* [Directions for this task]:
In the records that follow, the lines from the one containing "by apply: leq_sub" to the one containing "Theorem theorem2 (K", inclusive, are to be given again exactly.

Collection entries

(* In the errorless symmetric relay network described in the context, the greedy policy $G$ is optimal for minimizing the average sum AoI at the destination nodes: for every horizon $T\ge1$, $G$ minimizes $\frac{1}{TK}\sum_{t=1}^T\sum_{k=1}^K h_k^{\pi}(t)$ over all policies $\pi$. Furthermore, for every time slot $t$, $G$ minimizes the instantaneous sums $\frac1K\sum_{k=1}^K h_k^{\pi}(t)$ and $\frac1K\sum_{k=1}^K g_k^{\pi}(t)$ over all policies $\pi$.
   Context: Fix integers $K\ge 2$ and $S,U$ with $1\le S<K$, $1\le U<K$, and $S=U$. There are $K$ processes indexed by $k\in\{1,\dots,K\}$ and time slots $t=1,2,\dots$. The state at time $t$ consists of relay AoI values $g_k(t)$ and destination AoI values $h_k(t)$, with $g_k(1)=h_k(1)=1$ for all $k$. A policy $\pi$ is a map assigning to the current state a pair $(\mathcal{S}^{\pi}(t),\mathcal{U}^{\pi}(t))$ of subsets of $\{1,\dots,K\}$ with $|\mathcal{S}^{\pi}(t)|=S$ and $|\mathcal{U}^{\pi}(t)|=U$. Errorless dynamics: $g_k(t+1)=1$ if $k\in\mathcal{S}(t)$, else $g_k(t+1)=g_k(t)+1$; $h_k(t+1)=g_k(t)+1$ if $k\in\mathcal{U}(t)$, else $h_k(t+1)=h_k(t)+1$. Write $g_k^\pi(t),h_k^\pi(t)$ for the sequences under $\pi$. The greedy policy $G$ chooses at each time $t$ a set $\mathcal{S}^G(t)$ of $S$ indices with the largest values $g_k(t)$ (i.e. maximizing $\sum_{k\in\mathcal{S}}g_k(t)$ over $|\mathcal{S}|=S$) and a set $\mathcal{U}^G(t)$ of $U$ indices with the largest gaps $h_k(t)-g_k(t)$ (i.e. maximizing $\sum_{k\in\mathcal{U}}(h_k(t)-g_k(t))$ over $|\mathcal{U}|=U$). *)

From mathcomp Require Import all_boot all_order all_algebra.
Set Implicit Arguments. Unset Strict Implicit. Unset Printing Implicit Defensive.
Import Order.TTheory GRing.Theory Num.Theory.

(* State: relay AoI g and destination AoI h, indexed by processes 'I_K
   (process k in {1..K} is the ordinal k-1). *)
Definition state (K : nat) : Type := ('I_K -> nat) * ('I_K -> nat).

(* A (stationary) policy: map from current state to (sampled set, updated set). *)
Definition policy (K : nat) : Type := state K -> {set 'I_K} * {set 'I_K}.

Definition valid_policy (K S U : nat) (pi : policy K) : Prop :=
  forall st : state K, #|(pi st).1| = S /\ #|(pi st).2| = U.

Definition step (K : nat) (st : state K) (a : {set 'I_K} * {set 'I_K}) : state K :=
  (fun k => if k \in a.1 then 1%N else (st.1 k).+1,
   fun k => if k \in a.2 then (st.1 k).+1 else (st.2 k).+1).

Definition init_state (K : nat) : state K := (fun _ => 1%N, fun _ => 1%N).

(* traj pi n = state at time slot t = n+1. *)
Fixpoint traj (K : nat) (pi : policy K) (n : nat) : state K :=
  match n with
  | 0 => init_state K
  | n'.+1 => let st := traj pi n' in step st (pi st)
  end.

Definition gAoI (K : nat) (pi : policy K) (t : nat) (k : 'I_K) : nat :=
  (traj pi t.-1).1 k.
Definition hAoI (K : nat) (pi : policy K) (t : nat) (k : 'I_K) : nat :=
  (traj pi t.-1).2 k.

Definition greedy (K S U : nat) (G : policy K) : Prop :=
  valid_policy S U G /\
  forall st : state K,
    (forall A : {set 'I_K}, #|A| = S ->
        (\sum_(k in A) st.1 k <= \sum_(k in (G st).1) st.1 k)%N) /\
    (forall B : {set 'I_K}, #|B| = U ->
        (\sum_(k in B) ((st.2 k)%:Z - (st.1 k)%:Z)
         <= \sum_(k in (G st).2) ((st.2 k)%:Z - (st.1 k)%:Z))%R).

Local Open Scope ring_scope.

Definition avg_sum_h (K : nat) (pi : policy K) (T : nat) : rat :=
  (\sum_(1 <= t < T.+1) \sum_(k < K) hAoI pi t k)%N%:R / (T * K)%N%:R.

Definition inst_h (K : nat) (pi : policy K) (t : nat) : rat :=
  (\sum_(k < K) hAoI pi t k)%N%:R / K%:R.
Definition inst_g (K : nat) (pi : policy K) (t : nat) : rat :=
  (\sum_(k < K) gAoI pi t k)%N%:R / K%:R.

From mathcomp Require Import all_boot all_order all_algebra.
From mathcomp Require Import zify.
Import Order.TTheory GRing.Theory Num.Theory.
Set Implicit Arguments. Unset Strict Implicit.

(* Layer cake: [sum_k g_k = sum_m #{k | g_k > m}].  Since [g' = 1] on the
   sampled set and [g + 1] elsewhere, [{g' > m + 1}] is [{g > m}] minus the
   sampled set; it has at least [#{g > m} - S] elements, with equality when the
   sampled set consists of S largest ages.  By induction every level set of the
   greedy relay ages is minimal, hence so is [sum_k g_k].
   Any policy has [h' >= g + 1].  When [S = U] the greedy policy keeps at most
   [U] processes with [g < h] (only sampled processes can become so); these are
   exactly the ones with positive gap [h - g], so it updates all of them and
   achieves [h' = g + 1].  The bound on [h] thus follows from the one on [g]. *)

Section MaxSumSet.

Variables (T : finType) (S : nat).

Lemma max_sum_set_le (R : numDomainType) (f : T -> R) (A : {set T}) :
  #|A| = S ->
  (forall B : {set T}, #|B| = S -> \sum_(k in B) f k <= \sum_(k in A) f k)%R ->
  forall j k, j \in A -> k \notin A -> (f k <= f j)%R.
Proof.
move=> cardA maxA j k jA kA.
have kAj : k \notin A :\ j by rewrite in_setD1 (negbTE kA) andbF.
have cardB : #|k |: (A :\ j)| = S.
  by rewrite cardsU1 kAj -cardA (cardsD1 j A) jA.
by have := maxA _ cardB; rewrite big_setU1 //= (big_setD1 _ jA) /= lerD2r.
Qed.

Lemma max_sum_set_le_nat (f : T -> nat) (A : {set T}) :
  #|A| = S ->
  (forall B : {set T}, #|B| = S -> \sum_(k in B) f k <= \sum_(k in A) f k) ->
  forall j k, j \in A -> k \notin A -> f k <= f j.
Proof.
move=> cardA maxA j k jA kA; rewrite -(ler_nat int).
apply: (max_sum_set_le (f := fun k => ((f k)%:R : int)%R)) jA kA => // B cardB.
by rewrite -!natr_sum ler_nat maxA.
Qed.

Lemma card_gtD_max_sum_set (f : T -> nat) (A : {set T}) m :
  #|A| = S ->
  (forall B : {set T}, #|B| = S -> \sum_(k in B) f k <= \sum_(k in A) f k) ->
  #|[set k | m < f k] :\: A| = #|[set k | m < f k]| - S.
Proof.
move=> cardA maxA; set D := [set k | m < f k].
have [AD | /subsetPn[j jA]] := boolP (A \subset D); first by rewrite cardsDS ?cardA.
rewrite inE -leqNgt => fj_le_m.
have DA : D \subset A.
  apply/subsetP => k; rewrite inE; apply: contraLR => kA.
  by rewrite -leqNgt (leq_trans (max_sum_set_le_nat cardA maxA jA kA)).
rewrite (_ : D :\: A = set0) ?cards0; last by apply/eqP; rewrite setD_eq0.
by apply/esym/eqP; rewrite subn_eq0 -cardA subset_leq_card.
Qed.

Lemma max_sum_set_supp (R : numDomainType) (f : T -> R) (A : {set T}) :
  #|A| = S ->
  (forall B : {set T}, #|B| = S -> \sum_(k in B) f k <= \sum_(k in A) f k)%R ->
  (forall k, 0 <= f k)%R -> #|[set k | (0 < f k)%R]| <= S ->
  [set k | (0 < f k)%R] \subset A.
Proof.
move=> cardA maxA f_ge0 cardP; apply/subsetP => k; rewrite inE => fk_gt0.
apply/negPn/negP => kA.
have [j jA fj0] : exists2 j, j \in A & f j = 0%R.
  have /subsetPn[j jA] : ~~ (A \subset [set k | (0 < f k)%R]).
    apply/negP => AP.
    have : k |: A \subset [set k | (0 < f k)%R] by rewrite subUset sub1set inE fk_gt0.
    move/subset_leq_card/leq_trans/(_ cardP); rewrite cardsU1 kA cardA.
    by rewrite ltnn.
  by rewrite inE lt0r f_ge0 andbT negbK => /eqP; exists j.
by have := max_sum_set_le cardA maxA jA kA; rewrite fj0 lt_geF.
Qed.

End MaxSumSet.

Lemma sum_ord_lt x B : \sum_(m < B) (m < x : nat) = minn x B.
Proof.
elim: B => [|B IH]; first by rewrite big_ord0 minn0.
by rewrite big_ord_recr /= IH; case: ltnP => /=; lia.
Qed.

Lemma sum_card_gt (T : finType) (x : T -> nat) B : (forall k, x k <= B) ->
  \sum_k x k = \sum_(m < B) #|[set k | m < x k]|.
Proof.
move=> x_le; transitivity (\sum_k \sum_(m < B) (m < x k : nat)).
  by apply: eq_bigr => k _; rewrite sum_ord_lt; apply/esym/minn_idPl.
rewrite exchange_big; apply: eq_bigr => m _.
by rewrite -sum1_card [RHS]big_mkcond; apply: eq_bigr => k _; rewrite inE; case: ifP.
Qed.

Section Trajectories.

Variable K : nat.
Implicit Types (st : state K) (pi : policy K).

Lemma step_g_gt_succ st a m :
  [set k | m.+1 < (step st a).1 k] = [set k | m < st.1 k] :\: a.1.
Proof. by apply/setP => k; rewrite !inE /step /=; case: ifP. Qed.

Lemma step_g_gt0 st a : [set k | 0 < (step st a).1 k] = setT.
Proof. by apply/setP => k; rewrite !inE /step /=; case: ifP. Qed.

Lemma traj_g_le_h pi n k : (traj pi n).1 k <= (traj pi n).2 k.
Proof.
elim: n k => [|n IH] k //=; have := IH k.
by rewrite /step /=; case: ifP; case: ifP => //; lia.
Qed.

Lemma traj_g_le pi n k : (traj pi n).1 k <= n.+1.
Proof.
by elim: n k => [|n IH] k //=; rewrite /step /=; case: ifP => // _; rewrite ltnS.
Qed.

Lemma traj_h_succ_ge pi n k : ((traj pi n).1 k).+1 <= (traj pi n.+1).2 k.
Proof. by rewrite /= /step /=; case: ifP => // _; rewrite ltnS traj_g_le_h. Qed.

End Trajectories.

Definition stale K (st : state K) : {set 'I_K} := [set k | st.1 k < st.2 k].

Section Greedy.

Variables (K S U : nat) (G : policy K).
Hypothesis greedyG : greedy S U G.
Implicit Types (pi : policy K) (st : state K).

Lemma card_g_gt_greedy_le pi : valid_policy S U pi -> forall n m,
  #|[set k | m < (traj G n).1 k]| <= #|[set k | m < (traj pi n).1 k]|.
Proof.
move=> valid_pi; elim=> [|n IH] [|m] //=; rewrite ?step_g_gt0 // !step_g_gt_succ.
have [[cardA _] [maxA _]] := (greedyG.1 (traj G n), greedyG.2 (traj G n)).
have [cardA' _] := valid_pi (traj pi n).
rewrite (card_gtD_max_sum_set _ cardA maxA) cardsD -cardA'.
by apply: leq_sub (IH m) _; rewrite subset_leq_card ?subsetIr.
Qed.

Lemma sum_g_greedy_le pi n : valid_policy S U pi ->
  \sum_k (traj G n).1 k <= \sum_k (traj pi n).1 k.
Proof.
move=> valid_pi; rewrite (sum_card_gt (traj_g_le G n)) (sum_card_gt (traj_g_le pi n)).
by apply: leq_sum => m _; apply: card_g_gt_greedy_le.
Qed.

Lemma stale_sub_greedy_update st : (forall k, st.1 k <= st.2 k) ->
  #|stale st| <= U -> stale st \subset (G st).2.
Proof.
move=> g_le_h card_stale.
have [[_ cardB] [_ maxB]] := (greedyG.1 st, greedyG.2 st).
have staleE : stale st = [set k | (0 < (st.2 k)%:Z - (st.1 k)%:Z)%R].
  by apply/setP => k; rewrite !inE subr_gt0 ltz_nat.
rewrite staleE; apply: max_sum_set_supp cardB maxB _ _; rewrite -?staleE //.
by move=> k; rewrite subr_ge0 lez_nat g_le_h.
Qed.

Hypothesis eqSU : S = U.

Lemma card_stale_greedy n : #|stale (traj G n)| <= U.
Proof.
elim: n => [|n IH].
  by rewrite (_ : stale _ = set0) ?cards0 //; apply/setP => k; rewrite !inE.
have upd := stale_sub_greedy_update (traj_g_le_h G n) IH.
have [cardA _] := greedyG.1 (traj G n).
rewrite -eqSU -cardA; apply: subset_leq_card; apply/subsetP => k.
rewrite inE /= /step /=; case: ifP => // _; case: ifP; first by rewrite ltnn.
by move=> kB; rewrite ltnS => kst; rewrite -kB (subsetP upd) // inE.
Qed.

Lemma greedy_h_succ n k : (traj G n.+1).2 k = ((traj G n).1 k).+1.
Proof.
have upd := stale_sub_greedy_update (traj_g_le_h G n) (card_stale_greedy n).
rewrite /= /step /=; case: ifP => // kB; apply/eqP; rewrite eqSS eqn_leq traj_g_le_h andbT.
by rewrite leqNgt; apply: contraFN kB => kst; rewrite (subsetP upd) // inE.
Qed.

Lemma sum_h_greedy_le pi n : valid_policy S U pi ->
  \sum_k (traj G n).2 k <= \sum_k (traj pi n).2 k.
Proof.
case: n => [|n] // valid_pi.
apply: (@leq_trans (\sum_k ((traj pi n).1 k).+1)); last first.
  by apply: leq_sum => k _; apply: traj_h_succ_ge.
under eq_bigr => k _ do rewrite greedy_h_succ -addn1.
under [X in _ <= X]eq_bigr => k _ do rewrite -addn1.
by rewrite !big_split leq_add2r sum_g_greedy_le.
Qed.

End Greedy.

Local Open Scope ring_scope.

Theorem theorem2 (K S U : nat) (hK : (2 <= K)%N) (hS1 : (1 <= S)%N) (hSK : (S < K)%N)
    (hU1 : (1 <= U)%N) (hUK : (U < K)%N) (hSU : S = U)
    (G : policy K) (hG : greedy S U G) :
  forall pi : policy K, valid_policy S U pi ->
    (forall T : nat, (1 <= T)%N -> avg_sum_h G T <= avg_sum_h pi T) /\
    (forall t : nat, (1 <= t)%N ->
        inst_h G t <= inst_h pi t /\ inst_g G t <= inst_g pi t).
Proof.
move=> pi valid_pi.
have sum_h t : (\sum_(k < K) hAoI G t k <= \sum_(k < K) hAoI pi t k)%N.
  exact: (sum_h_greedy_le hG hSU t.-1 valid_pi).
have sum_g t : (\sum_(k < K) gAoI G t k <= \sum_(k < K) gAoI pi t k)%N.
  exact: (sum_g_greedy_le hG t.-1 valid_pi).
split=> [T _ | t _]; first by rewrite ler_wpM2r ?invr_ge0 // ler_nat leq_sum.
by rewrite !ler_wpM2r ?invr_ge0 // ler_nat.
Qed.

* [Result for this task]:
by apply: leq_sub (IH m) _; rewrite subset_leq_card ?subsetIr.
Qed.

Lemma sum_g_greedy_le pi n : valid_policy S U pi ->
  \sum_k (traj G n).1 k <= \sum_k (traj pi n).1 k.
Proof.
move=> valid_pi; rewrite (sum_card_gt (traj_g_le G n)) (sum_card_gt (traj_g_le pi n)).
by apply: leq_sum => m _; apply: card_g_gt_greedy_le.
Qed.

Lemma stale_sub_greedy_update st : (forall k, st.1 k <= st.2 k) ->
  #|stale st| <= U -> stale st \subset (G st).2.
Proof.
move=> g_le_h card_stale.
have [[_ cardB] [_ maxB]] := (greedyG.1 st, greedyG.2 st).
have staleE : stale st = [set k | (0 < (st.2 k)%:Z - (st.1 k)%:Z)%R].
  by apply/setP => k; rewrite !inE subr_gt0 ltz_nat.
rewrite staleE; apply: max_sum_set_supp cardB maxB _ _; rewrite -?staleE //.
by move=> k; rewrite subr_ge0 lez_nat g_le_h.
Qed.

Hypothesis eqSU : S = U.

Lemma card_stale_greedy n : #|stale (traj G n)| <= U.
Proof.
elim: n => [|n IH].
  by rewrite (_ : stale _ = set0) ?cards0 //; apply/setP => k; rewrite !inE.
have upd := stale_sub_greedy_update (traj_g_le_h G n) IH.
have [cardA _] := greedyG.1 (traj G n).
rewrite -eqSU -cardA; apply: subset_leq_card; apply/subsetP => k.
rewrite inE /= /step /=; case: ifP => // _; case: ifP; first by rewrite ltnn.
by move=> kB; rewrite ltnS => kst; rewrite -kB (subsetP upd) // inE.
Qed.

Lemma greedy_h_succ n k : (traj G n.+1).2 k = ((traj G n).1 k).+1.
Proof.
have upd := stale_sub_greedy_update (traj_g_le_h G n) (card_stale_greedy n).
rewrite /= /step /=; case: ifP => // kB; apply/eqP; rewrite eqSS eqn_leq traj_g_le_h andbT.
by rewrite leqNgt; apply: contraFN kB => kst; rewrite (subsetP upd) // inE.
Qed.

Lemma sum_h_greedy_le pi n : valid_policy S U pi ->
  \sum_k (traj G n).2 k <= \sum_k (traj pi n).2 k.
Proof.
case: n => [|n] // valid_pi.
apply: (@leq_trans (\sum_k ((traj pi n).1 k).+1)); last first.
  by apply: leq_sum => k _; apply: traj_h_succ_ge.
under eq_bigr => k _ do rewrite greedy_h_succ -addn1.
under [X in _ <= X]eq_bigr => k _ do rewrite -addn1.
by rewrite !big_split leq_add2r sum_g_greedy_le.
Qed.

End Greedy.

Local Open Scope ring_scope.

Theorem theorem2 (K S U : nat) (hK : (2 <= K)%N) (hS1 : (1 <= S)%N) (hSK : (S < K)%N)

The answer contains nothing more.